#### Action item:
Please repeat the lines below exactly. Begin with the line containing "n+1 >= 1 columns, as" and go on through the line containing "(forall i, V".

#### Record extracts:
=== Section Start ===

(* Let $a,b,q$ be complex numbers with $|q|<1$, $b\neq0$, and let $G(z)=\sum_{n=0}^{\infty}t_nz^n\in\mathbb{C}[[z]]$. Define, for parameters $\alpha,\beta$, $$\widetilde{G}(z;\alpha,\beta):=\sum_{n=0}^\infty t_n z^n\frac{(\alpha z;q)_n}{(\beta z;q)_n}.$$ Then, as formal power series in $z$, $$\frac{(az;q)_\infty}{(bz;q)_\infty}G(z)=\sum_{n=0}^{\infty}\frac{(aq/b;q)_n(az;q)_n}{(q;q)_n(bz;q)_n}(bz)^nq^{n(n-1)}\Big(\widetilde{G}(zq^n;a,b)-azq^{2n}\,\widetilde{G}(zq^{n+1};a/q,b/q)\Big).$$
   Context: $(x;q)_\infty=\prod_{j\ge0}(1-xq^j)$ and $(x;q)_n=\prod_{j=0}^{n-1}(1-xq^j)$ for integers $n\ge0$; products and quotients of these with arguments multiples of $z$ are regarded as formal power series in $z$. *)

From HB Require Import structures.
From mathcomp Require Import all_boot all_order all_algebra.
From mathcomp Require Import complex.
From mathcomp Require Import all_classical all_reals topology normedtype sequences.
Set Implicit Arguments. Unset Strict Implicit. Unset Printing Implicit Defensive.
Import Order.TTheory GRing.Theory Num.Theory.
Import numFieldNormedType.Exports.
Local Open Scope ring_scope.

(* Formal power series over a field C, given by their coefficient sequence:
   f k is the coefficient of z^k. *)
Definition fps (C : Type) := nat -> C.

Section FPS.
Variable C : numFieldType.

Definition fps_const (c : C) : fps C := fun k => if k == 0%N then c else 0.
Definition fps_Xn (n : nat) : fps C := fun k => if k == n then 1 else 0.
Definition fps_add (f g : fps C) : fps C := fun k => f k + g k.
Definition fps_sub (f g : fps C) : fps C := fun k => f k - g k.
Definition fps_scale (c : C) (f : fps C) : fps C := fun k => c * f k.
Definition fps_mul (f g : fps C) : fps C :=
  fun k => \sum_(i < k.+1) f i * g (k - i)%N.
(* substitution z |-> c z *)
Definition fps_subst (c : C) (f : fps C) : fps C := fun k => c ^+ k * f k.

Fixpoint fps_inv_aux (f : fps C) (n : nat) : seq C :=
  match n with
  | 0%N => [:: (f 0%N)^-1]
  | n'.+1 => let s := fps_inv_aux f n' in
      rcons s (- (f 0%N)^-1 * \sum_(i < n'.+1) f i.+1 * nth 0 s (n' - i)%N)
  end.
Definition fps_inv (f : fps C) : fps C := fun k => nth 0 (fps_inv_aux f k) k.
Definition fps_div (f g : fps C) : fps C := fps_mul f (fps_inv g).

Definition fps_prod (n : nat) (F : nat -> fps C) : fps C :=
  foldr (fun j acc => fps_mul (F j) acc) (fps_const 1) (iota 0 n).

Definition fps_lim (F : nat -> fps C) : fps C := fun k => limn (fun N => F N k).
Definition fps_series (F : nat -> fps C) : fps C :=
  fps_lim (fun N k => \sum_(n < N) F n k).

(* (x z; q)_n = prod_{j<n} (1 - x q^j z) as a formal power series in z *)
Definition qpoch_z (x q : C) (n : nat) : fps C :=
  fps_prod n (fun j => fps_sub (fps_const 1) (fps_scale (x * q ^+ j) (fps_Xn 1))).
(* (x z; q)_oo as a formal power series in z (coefficientwise limit) *)
Definition qpoch_z_inf (x q : C) : fps C := fps_lim (qpoch_z x q).
Definition qpoch (x q : C) (n : nat) : C := \prod_(j < n) (1 - x * q ^+ j).

Definition Gtilde (q : C) (t : nat -> C) (alpha beta : C) : fps C :=
  fps_series (fun n => fps_scale (t n)
    (fps_mul (fps_Xn n) (fps_div (qpoch_z alpha q n) (qpoch_z beta q n)))).
End FPS.
(* Let $A\in\mathbb{R}^{m\times n}$, let $a=\max_{i,j}|A_{i,j}|$, and let $(U,V)$ be an iterative play system for $A$. Let $s,t\ge 0$ be integers and suppose that every row index $i\in\{1,\dots,m\}$ and every column index $j\in\{1,\dots,n\}$ is $E$-eligible in the interval $[s,s+t]$. Then $$\max U(s+t)-\min U(s+t)\le 2a(t+1)\quad\text{and}\quad \max V(s+t)-\min V(s+t)\le 2a(t+1).$$
   Context: An iterative play system $(U,V)$ for $A\in\mathbb{R}^{m\times n}$ is a pair of sequences $U(0),U(1),\dots\in\mathbb{R}^n$ and $V(0),V(1),\dots\in\mathbb{R}^m$ such that $\min U(0)=\max V(0)$ and, for each $t$, $U(t+1)=U(t)+A_{i(t),*}$ and $V(t+1)=V(t)+A_{*,j(t)}$ for some indices $i(t)\in\{1,\dots,m\}$, $j(t)\in\{1,\dots,n\}$, where $A_{i,*}$ is the $i$th row and $A_{*,j}$ the $j$th column of $A$. Write $u_j(t)$, $v_i(t)$ for the entries of $U(t)$, $V(t)$, and $\max$, $\min$ of a vector for its largest/smallest entry. With $a=\max_{i,j}|A_{i,j}|$, row $i$ is $E$-eligible in $[t,t']$ if there exists an integer $t_1\in[t,t']$ with $v_i(t_1)\ge\max V(t_1)-2a$; column $j$ is $E$-eligible in $[t,t']$ if there exists $t_1\in[t,t']$ with $u_j(t_1)\le\min U(t_1)+2a$. *)

From mathcomp Require Import all_boot all_order all_algebra.
Set Implicit Arguments. Unset Strict Implicit. Unset Printing Implicit Defensive.
Import Order.TTheory GRing.Theory Num.Theory.
Local Open Scope ring_scope.

(* Indices are 0-based ordinals: rows 'I_m.+1, columns 'I_n.+1 (so m+1 >= 1 rows,
   n+1 >= 1 columns, as needed for max/min of vectors to make sense). *)

Definition vmax (R : realDomainType) (k : nat) (v : 'I_k.+1 -> R) : R :=
  \big[Num.max/v ord0]_(x < k.+1) v x.
Definition vmin (R : realDomainType) (k : nat) (v : 'I_k.+1 -> R) : R :=
  \big[Num.min/v ord0]_(x < k.+1) v x.

Definition amax (R : realDomainType) (m n : nat) (A : 'M[R]_(m.+1, n.+1)) : R :=
  \big[Num.max/0]_(i < m.+1) \big[Num.max/0]_(j < n.+1) `|A i j|.

Definition iterative_play_system (R : realDomainType) (m n : nat)
    (A : 'M[R]_(m.+1, n.+1)) (U : nat -> 'I_n.+1 -> R) (V : nat -> 'I_m.+1 -> R) : Prop :=
  vmin (U 0%N) = vmax (V 0%N) /\
  exists (it : nat -> 'I_m.+1) (jt : nat -> 'I_n.+1),
    forall t : nat,
      (forall j, U t.+1 j = U t j + A (it t) j) /\
      (forall i, V t.+1 i = V t i + A i (jt t)).

Definition row_E_eligible (R : realDomainType) (m n : nat)
    (A : 'M[R]_(m.+1, n.+1)) (V : nat -> 'I_m.+1 -> R) (i : 'I_m.+1) (t t' : nat) : Prop :=
  exists t1 : nat, (t <= t1 <= t')%N /\ vmax (V t1) - 2 * amax A <= V t1 i.

Definition col_E_eligible (R : realDomainType) (m n : nat)
    (A : 'M[R]_(m.+1, n.+1)) (U : nat -> 'I_n.+1 -> R) (j : 'I_n.+1) (t t' : nat) : Prop :=
  exists t1 : nat, (t <= t1 <= t')%N /\ U t1 j <= vmin (U t1) + 2 * amax A.

From mathcomp Require Import all_boot all_order all_algebra.
From mathcomp Require Import reals.
From mathcomp Require Import lra zify.
Set Implicit Arguments. Unset Strict Implicit. Unset Printing Implicit Defensive.
Import Order.TTheory GRing.Theory Num.Theory.
Local Open Scope ring_scope.

(* Each step adds a row (resp. column) of A, so every entry of U (resp. V)
   moves by at most a per step, and therefore so do max U and min U.  A column
   that was within 2a of the minimum at some time t1 in [s, s + t] is thus
   within 2a + 2a(s + t - t1) <= 2a(t + 1) of it at time s + t; since this holds
   for every column, it holds for the maximum.  The bound for V follows by
   applying the same argument to -V. *)

Section VectorExtrema.
Variables (R : realDomainType) (k : nat).
Implicit Types (v : 'I_k.+1 -> R) (c : R).

Lemma le_vmax v x : v x <= vmax v.
Proof. exact: le_bigmax. Qed.

Lemma vmin_le v x : vmin v <= v x.
Proof. exact: bigmin_le. Qed.

Lemma vmax_le v c : (forall x, v x <= c) -> vmax v <= c.
Proof. by move=> le_v_c; apply: bigmax_le. Qed.

Lemma le_vmin v c : (forall x, c <= v x) -> c <= vmin v.
Proof. by move=> le_c_v; apply: le_bigmin. Qed.

Lemma vmax_opp v : vmax (fun x => - v x) = - vmin v.
Proof. by rewrite /vmax /vmin (big_morph _ (@oppr_min R) erefl). Qed.

Lemma vmin_opp v : vmin (fun x => - v x) = - vmax v.
Proof. by rewrite /vmax /vmin (big_morph _ (@oppr_max R) erefl). Qed.

End VectorExtrema.

Section BoundedSteps.
Variables (R : realDomainType) (k : nat) (a : R) (w : nat -> 'I_k.+1 -> R).
Hypothesis w_step : forall t x, `|w t.+1 x - w t x| <= a.

Lemma dist_iter_le t d x : `|w (t + d) x - w t x| <= a * d%:R.
Proof.
elim: d => [|d IHd]; first by rewrite addn0 subrr normr0 mulr0.
rewrite addnS mulrSr mulrDr mulr1 [a * _ + a]addrC.
exact: le_trans (ler_distD (w (t + d) x) _ _) (lerD (w_step _ _) IHd).
Qed.

Lemma vmin_iter_ge t d : vmin (w t) - a * d%:R <= vmin (w (t + d)).
Proof.
apply: le_vmin => x; have := vmin_le (w t) x.
by have := dist_iter_le t d x; rewrite ler_distl => /andP[? _]; lra.
Qed.

Lemma spread_le_near_min s t c :
  (forall x, exists t1, (s <= t1 <= s + t)%N /\ w t1 x <= vmin (w t1) + c) ->
  vmax (w (s + t)) - vmin (w (s + t)) <= c + 2 * a * t%:R.
Proof.
move=> near_min; have a_ge0 : 0 <= a := le_trans (normr_ge0 _) (w_step 0 ord0).
rewrite lerBlDl; apply: vmax_le => x.
have [t1 [/andP[le_s_t1 le_t1_st] near_x]] := near_min x.
have -> : (s + t = t1 + (s + t - t1))%N by rewrite subnKC.
set d := (s + t - t1)%N.
have le_ad_at : a * d%:R <= a * t%:R by rewrite ler_wpM2l // ler_nat; lia.
have := vmin_iter_ge t1 d.
by have := dist_iter_le t1 d x; rewrite ler_distl => /andP[_ ?]; lra.
Qed.

End BoundedSteps.

Lemma spread_le_near_max (R : realDomainType) (k : nat) (a : R)
    (w : nat -> 'I_k.+1 -> R) s t c :
  (forall t x, `|w t.+1 x - w t x| <= a) ->
  (forall x, exists t1, (s <= t1 <= s + t)%N /\ vmax (w t1) - c <= w t1 x) ->
  vmax (w (s + t)) - vmin (w (s + t)) <= c + 2 * a * t%:R.
Proof.
move=> w_step near_max.
have opp_step u x : `|- w u.+1 x - - w u x| <= a.
  by rewrite opprK addrC distrC.
have := spread_le_near_min opp_step (s := s) (t := t) (c := c).
rewrite vmax_opp vmin_opp opprK addrC; apply=> x.
have [t1 [range_t1 near_x]] := near_max x.
by exists t1; rewrite vmin_opp; split=> //; lra.
Qed.

Lemma le_amax (R : realDomainType) (m n : nat) (A : 'M[R]_(m.+1, n.+1)) i j :
  `|A i j| <= amax A.
Proof.
exact: le_trans (le_bigmax _ (fun j => `|A i j|) j)
  (le_bigmax _ (fun i => \big[Num.max/0]_(j < n.+1) `|A i j|) i).
Qed.

Lemma play_system_steps (R : realDomainType) (m n : nat) (A : 'M[R]_(m.+1, n.+1))
    (U : nat -> 'I_n.+1 -> R) (V : nat -> 'I_m.+1 -> R) :
  iterative_play_system A U V ->
  (forall t j, `|U t.+1 j - U t j| <= amax A) /\
  (forall t i, `|V t.+1 i - V t i| <= amax A).
Proof.
move=> [_ [it [jt step]]]; split=> t x.
- by rewrite (proj1 (step t)) addrC addKr le_amax.
- by rewrite (proj2 (step t)) addrC addKr le_amax.
Qed.

Theorem lemma2 (R : realType) (m n : nat) (A : 'M[R]_(m.+1, n.+1))
    (U : nat -> 'I_n.+1 -> R) (V : nat -> 'I_m.+1 -> R) (s t : nat) :
  iterative_play_system A U V ->
  (forall i : 'I_m.+1, row_E_eligible A V i s (s + t)) ->
  (forall j : 'I_n.+1, col_E_eligible A U j s (s + t)) ->
  vmax (U (s + t)%N) - vmin (U (s + t)%N) <= 2 * amax A * (t.+1)%:R /\
  vmax (V (s + t)%N) - vmin (V (s + t)%N) <= 2 * amax A * (t.+1)%:R.
Proof.
move=> /play_system_steps[U_step V_step] rows_eligible cols_eligible.
have -> : 2 * amax A * (t.+1)%:R = 2 * amax A + 2 * amax A * t%:R.
  by rewrite -[t.+1]addn1 natrD mulrDr mulr1 addrC.
split.
- exact: spread_le_near_min U_step _ _ _ cols_eligible.
- exact: spread_le_near_max V_step rows_eligible.
Qed.
Lemma l2_vscal a x : l2 x -> l2 (vscal a x).
Proof.
  intros Hx%l2_ex_series. apply l2_ex_series.
  apply (ex_series_ext (fun n => (a * a) * Cnorm2 (x n))); [|now apply ex_series_Rscal].
  intros n. unfold vscal, Cmul, Cnorm2. destruct (x n); simpl; ring.
Qed.

Lemma l2_vmuli x : l2 x -> l2 (vmuli x).
Proof.
  intros Hx%l2_ex_series. apply l2_ex_series. revert Hx. apply ex_series_ext.
  intros n. unfold vmuli, Cmul, Cnorm2. destruct (x n); simpl; ring.
Qed.

Lemma l2_vsub x y : l2 x -> l2 y -> l2 (vsub x y).
Proof. intros; now apply l2_vadd, l2_vscal. Qed.

#[local] Hint Resolve l2_vadd l2_vscal l2_vmuli l2_vsub : l2.

Lemma rinner_sym x y : rinner x y = rinner y x.
Proof. apply Series_ext. intros n. unfold rdot; ring. Qed.

Lemma rinner_vadd_l x y z : l2 x -> l2 y -> l2 z ->
  rinner (vadd x y) z = rinner x z + rinner y z.
Proof.
  intros. unfold rinner. rewrite <- Series_plus by now apply ex_series_rdot.
  apply Series_ext. intros n. unfold rdot, vadd, Cadd. destruct (x n), (y n); simpl; ring.
Qed.

Lemma rinner_vscal_l a x z : rinner (vscal a x) z = a * rinner x z.
Proof.
  unfold rinner. rewrite <- Series_scal_l. apply Series_ext.
  intros n. unfold rdot, vscal, Cmul. destruct (x n); simpl; ring.
Qed.

Lemma rinner_vsub_l x y z : l2 x -> l2 y -> l2 z ->
  rinner (vsub x y) z = rinner x z - rinner y z.
Proof. intros. unfold vsub. rewrite rinner_vadd_l, rinner_vscal_l by auto with l2. ring. Qed.

Lemma rinner_vadd_r x y z : l2 x -> l2 y -> l2 z ->
  rinner z (vadd x y) = rinner z x + rinner z y.
Proof. intros. rewrite !(rinner_sym z). now apply rinner_vadd_l. Qed.

Lemma rinner_vscal_r a x z : rinner z (vscal a x) = a * rinner z x.
Proof. rewrite !(rinner_sym z). apply rinner_vscal_l. Qed.

Lemma rinner_vsub_r x y z : l2 x -> l2 y -> l2 z ->
  rinner z (vsub x y) = rinner z x - rinner z y.
Proof. intros. rewrite !(rinner_sym z). now apply rinner_vsub_l. Qed.

Lemma rinner_vmuli x y : rinner (vmuli x) (vmuli y) = rinner x y.
Proof.
  apply Series_ext. intros n. unfold rdot, vmuli, Cmul. destruct (x n), (y n); simpl; ring.
Qed.

Lemma rinner_vmuli_l x y : rinner (vmuli x) y = - rinner x (vmuli y).
Proof.
  unfold rinner. rewrite <- Series_opp. apply Series_ext.
  intros n. unfold rdot, vmuli, Cmul. destruct (x n), (y n); simpl; ring.
Qed.

Lemma sum_Cnorm2_le_rinner x P : l2 x -> sum_f_R0 (fun m => Cnorm2 (x m)) P <= rinner x x.
Proof.
  intros Hx. apply infinite_sum_partial_le; [intros n; apply Cnorm2_ge_0|].
  now apply is_series_Reals, is_series_rinner.
Qed.

Lemma Cnorm2_le_rinner x m : l2 x -> Cnorm2 (x m) <= rinner x x.
Proof.
  intros Hx. eapply Rle_trans; [|apply (sum_Cnorm2_le_rinner x m Hx)].
  destruct m; simpl; [apply Rle_refl|].
  pose proof (sum_f_R0_nonneg (fun n => Cnorm2 (x n)) m (fun n => Cnorm2_ge_0 (x n))). lra.
Qed.

Lemma rinner_self_ge_0 x : l2 x -> 0 <= rinner x x.
Proof. intros Hx. eapply Rle_trans; [apply Cnorm2_ge_0|]. apply (Cnorm2_le_rinner x 0 Hx). Qed.

Lemma quadratic_nonneg_discriminant a b c :
  0 <= c -> (forall t, 0 <= a - 2 * t * b + t * t * c) -> b * b <= a * c.
Proof.
  intros Hc H. destruct (Rle_lt_or_eq_dec 0 c Hc) as [Hc'|<-].
  - specialize (H (b / c)).
    replace (a - 2 * (b / c) * b + b / c * (b / c) * c) with ((a * c - b * b) / c) in H
      by (field; lra).
    apply Rmult_le_compat_r with (r := c) in H; [|lra].
    unfold Rdiv in H. rewrite Rmult_assoc, Rinv_l in H; lra.
  - destruct (Req_dec b 0) as [->|Hb]; [lra|].
    specialize (H ((a + 1) / (2 * b))).
    replace (a - 2 * ((a + 1) / (2 * b)) * b + (a + 1) / (2 * b) * ((a + 1) / (2 * b)) * 0)
      with (-1) in H by (field; auto). lra.
Qed.

Lemma rinner_cauchy_schwarz x y : l2 x -> l2 y ->
  rinner x y * rinner x y <= rinner x x * rinner y y.
Proof.
  intros Hx Hy. apply quadratic_nonneg_discriminant; [now apply rinner_self_ge_0|].
  intros t. replace (rinner x x - 2 * t * rinner x y + t * t * rinner y y)
    with (rinner (vsub x (vscal t y)) (vsub x (vscal t y))).
  - apply rinner_self_ge_0; auto with l2.
  - rewrite rinner_vsub_l, !rinner_vsub_r, !rinner_vscal_l, !rinner_vscal_r, (rinner_sym y x)
      by auto with l2. ring.
Qed.

Lemma inner_is_rinner x y z : l2 x -> l2 y -> inner_is x y z ->
  Cre z = rinner x y /\ Cim z = rinner x (vmuli y).
Proof.
  intros Hx Hy [Hre Him]. apply is_series_Reals in Hre, Him.
  split; symmetry; apply is_series_unique;
    [revert Hre | revert Him]; apply is_series_ext; intros n;
    unfold Cre, Cim, Cmul, Cconj, rdot, vmuli; destruct (x n), (y n); simpl; ring.
Qed.
(* Let $M$ be a complete pointed metric space and $Y$ an infinite-dimensional real Banach space. Then there exists a complete pointed metric space $M'$ such that (i) $\mathrm{A}(M',Y)\subsetneqq\mathrm{Lip}_0(M',Y)$; (ii) $M'\setminus M$ is countable; (iii) $M\subseteq M'$ and the metric of $M'$ restricted to $M$ is the metric of $M$.
   Context: Throughout, metric spaces are complete and pointed, with base point $0$. $\mathrm{Lip}_0(M,Y)$ is the Banach space of Lipschitz maps $f:M\to Y$ with $f(0)=0$, normed by $\|f\|=\sup_{p\neq q}\|f(p)-f(q)\|/d(p,q)$. A map $f$ attains its norm toward $y\in Y$ if there is a sequence $(p_n,q_n)$ in $M\times M$ with $p_n\neq q_n$ such that $[f(p_n)-f(q_n)]/d(p_n,q_n)\to y$ and $\|y\|=\|f\|$; $\mathrm{A}(M,Y)$ is the set of $f$ attaining their norm toward some vector. *)

From HB Require Import structures.
From mathcomp Require Import all_boot all_order all_algebra.
From mathcomp Require Import all_classical all_reals all_analysis.
Set Implicit Arguments. Unset Strict Implicit. Unset Printing Implicit Defensive.
Import Order.TTheory GRing.Theory Num.Theory.
Import numFieldNormedType.Exports.
Local Open Scope classical_set_scope.
Local Open Scope ring_scope.

Section Defs.
Variable R : realType.

Definition is_metric (T : Type) (d : T -> T -> R) : Prop :=
  (forall x y, 0 <= d x y) /\ (forall x y, d x y = 0 <-> x = y) /\
  (forall x y, d x y = d y x) /\ (forall x y z, d x z <= d x y + d y z).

=== Section End ===

#### Solution below:
   n+1 >= 1 columns, as needed for max/min of vectors to make sense). *)

Definition vmax (R : realDomainType) (k : nat) (v : 'I_k.+1 -> R) : R :=
  \big[Num.max/v ord0]_(x < k.+1) v x.
Definition vmin (R : realDomainType) (k : nat) (v : 'I_k.+1 -> R) : R :=
  \big[Num.min/v ord0]_(x < k.+1) v x.

Definition amax (R : realDomainType) (m n : nat) (A : 'M[R]_(m.+1, n.+1)) : R :=
  \big[Num.max/0]_(i < m.+1) \big[Num.max/0]_(j < n.+1) `|A i j|.

Definition iterative_play_system (R : realDomainType) (m n : nat)
    (A : 'M[R]_(m.+1, n.+1)) (U : nat -> 'I_n.+1 -> R) (V : nat -> 'I_m.+1 -> R) : Prop :=
  vmin (U 0%N) = vmax (V 0%N) /\
  exists (it : nat -> 'I_m.+1) (jt : nat -> 'I_n.+1),
    forall t : nat,
      (forall j, U t.+1 j = U t j + A (it t) j) /\
      (forall i, V t.+1 i = V t i + A i (jt t)).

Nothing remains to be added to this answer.